The sources explained that options on the Bitcoin ETFs are delayed because there is no established regulatory process for approving them.
The US Securities and Exchanges Commission (SEC) typically approves them just days after an ETF starts trading. However, the problem is that regulators view Bitcoin as a commodity, so spot Bitcoin ETF options may also require approval from the Commodity Futures Trading Commission (CFTC).
Therefore, spot Bitcoin ETF-related products could raise questions about jurisdiction and oversight.
According to Martin Leinweber, digital asset product strategist at MarketVector Indexes, which provides the benchmark for VanEck’s spot Bitcoin ETF:
“This dual regulatory engagement adds a layer of complexity and potential for what some might call regulatory headache.”
Leinweber argued it could take 2-10 months for the approvals.
Meanwhile, analysts have argued that big investors could help drive as much as $100 billion into the ETFs. But that may not happen without the options, as they face risk management issues.
Yesha Yadav, a law professor at Vanderbilt University, argued that some big investors may “stay away altogether.”
Moreover, the delay prevents the industry from bringing more innovative products to market.

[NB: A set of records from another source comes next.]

(* IDs are encoded as Reed-Solomon codewords: polynomials with D = c (log n + 1)
   coefficients over a field F of characteristic 2, so two distinct codewords
   agree on at most D - 1 points.  A slot is a pair (a, b) in F * F, and the node
   with ID x beeps in slot (a, b) iff its codeword takes the value b at a.  Once
   |F| > (deg v + 1)(D - 1), every ID x outside v and its neighbours has a point a
   separating its codeword from all of theirs, and in slot (a, p_x(a)) node v
   listens and hears silence.  So the IDs x <> v such that v heard noise in every
   slot where x beeped and v did not are exactly the IDs of v's neighbours.
   Since the degree is unknown, phase k uses |F| ~ 2^k D, and v stops after the
   first phase leaving at most 2^k candidates: neighbours are always candidates,
   so then deg v <= 2^k and the candidates are exact.  The phases up to 2^k ~ Delta
   take O((Delta D)^2) = O(Delta^2 log^2 n) rounds. *)

Section PolynomialCode.
Variables (F : finFieldType) (D : nat).

Lemma card_poly_agree (p q : {poly F}) :
  size p <= D -> size q <= D -> p != q ->
  #|[set a | q.[a] == p.[a]]%R| <= D.-1.
Proof.
move=> Dp Dq neq_pq; have pq_neq0 : (p - q != 0)%R by rewrite subr_eq0.
have roots_pq : all (root (p - q)) (enum [set a | q.[a] == p.[a]]%R).
  by apply/allP => a; rewrite mem_enum inE rootE !hornerE => /eqP ->; rewrite subrr.
have := max_poly_roots pq_neq0 roots_pq (enum_uniq _); rewrite -cardE => lt_card.
have Dpq : size (p - q)%R <= D.
  by apply: leq_trans (size_polyD p (- q)) _; rewrite size_polyN geq_max Dp Dq.
by rewrite -ltnS (leq_trans lt_card) // (leq_trans Dpq) // leqSpred.
Qed.

Lemma exists_separating_point (p : {poly F}) (qs : seq {poly F}) :
  size p <= D -> all (fun q : {poly F} => size q <= D) qs -> p \notin qs ->
  size qs * D.-1 < #|F| ->
  exists a, all (fun q => q.[a] != p.[a])%R qs.
Proof.
move=> Dp Dqs p_qs small_qs.
set A := [set a | has (fun q => q.[a] == p.[a])%R qs].
have card_A : #|A| <= size qs * D.-1.
  rewrite {}/A; elim: qs Dqs p_qs {small_qs} => [|q qs IHqs] Dqs p_qs.
    by rewrite leqn0 cards_eq0; apply/eqP/setP => a; rewrite !inE.
  case/andP: Dqs => Dq Dqs; rewrite inE negb_or in p_qs; case/andP: p_qs => neq_pq p_qs.
  have -> : [set a | has (fun q => q.[a] == p.[a])%R (q :: qs)]
          = [set a | q.[a] == p.[a]]%R :|: [set a | has (fun q => q.[a] == p.[a])%R qs].
    by apply/setP => a; rewrite !inE.
  rewrite (leq_trans (leq_card_setU _ _)) //= mulSn leq_add //.
  - exact: card_poly_agree.
  - exact: IHqs.
have [a] : exists a, a \in ~: A.
  apply/card_gt0P; rewrite -(cardsC A) in small_qs.
  by rewrite -(ltn_add2l #|A|) addn0 (leq_ltn_trans card_A).
by rewrite !inE -all_predC; exists a.
Qed.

“The markets really want to go there, but the regulators are the gatekeepers,” opined John Roglieri, head of capital markets at ETF marker-maker FalconX.
Animoca Brands, Delphi Ventures, Amber Group, and Other Big Players Invest in Pixelmon
In the latest crypto news, decentralized web3 gaming IP Pixelmon has raised a seed investment of $8 million. It will use the funding to continue development across its differentiated portfolio of casual and mid-core games.
Per the press release shared with Cryptonews, the round saw participation from Animoca Brands, Delphi Ventures, Amber Group, Bing Ventures, Bitscale Capital, Cypher Capital, Foresight Ventures, Mechanism Capital, Sfermion, Spartan Labs, VistaLabs, and others.
The round also saw participation from a long list of founders, angels, KOLs, and ecosystem partners, it said. These include Ray Chan, founder of 9GAG Inc.; Kun Gao, founder of Crunchyroll; Robbie Ferguson, co-founder of Immutable; Gabby Dizon, co-founder of Yield Guild Games (YGG); and founders of cryptocurrency exchanges Bit2Me and Tokocrypto and web3 advisory firm Emfarsis.
The funding follows the successful launch of Kevin the Adventurer (KTA), Pixelmon’s first hypercasual game. Deployed in October 2023 on Coinbase’s native Layer 2 Base, the side-scroller saw 36,000 active players and 10,100 hours played in its launch month.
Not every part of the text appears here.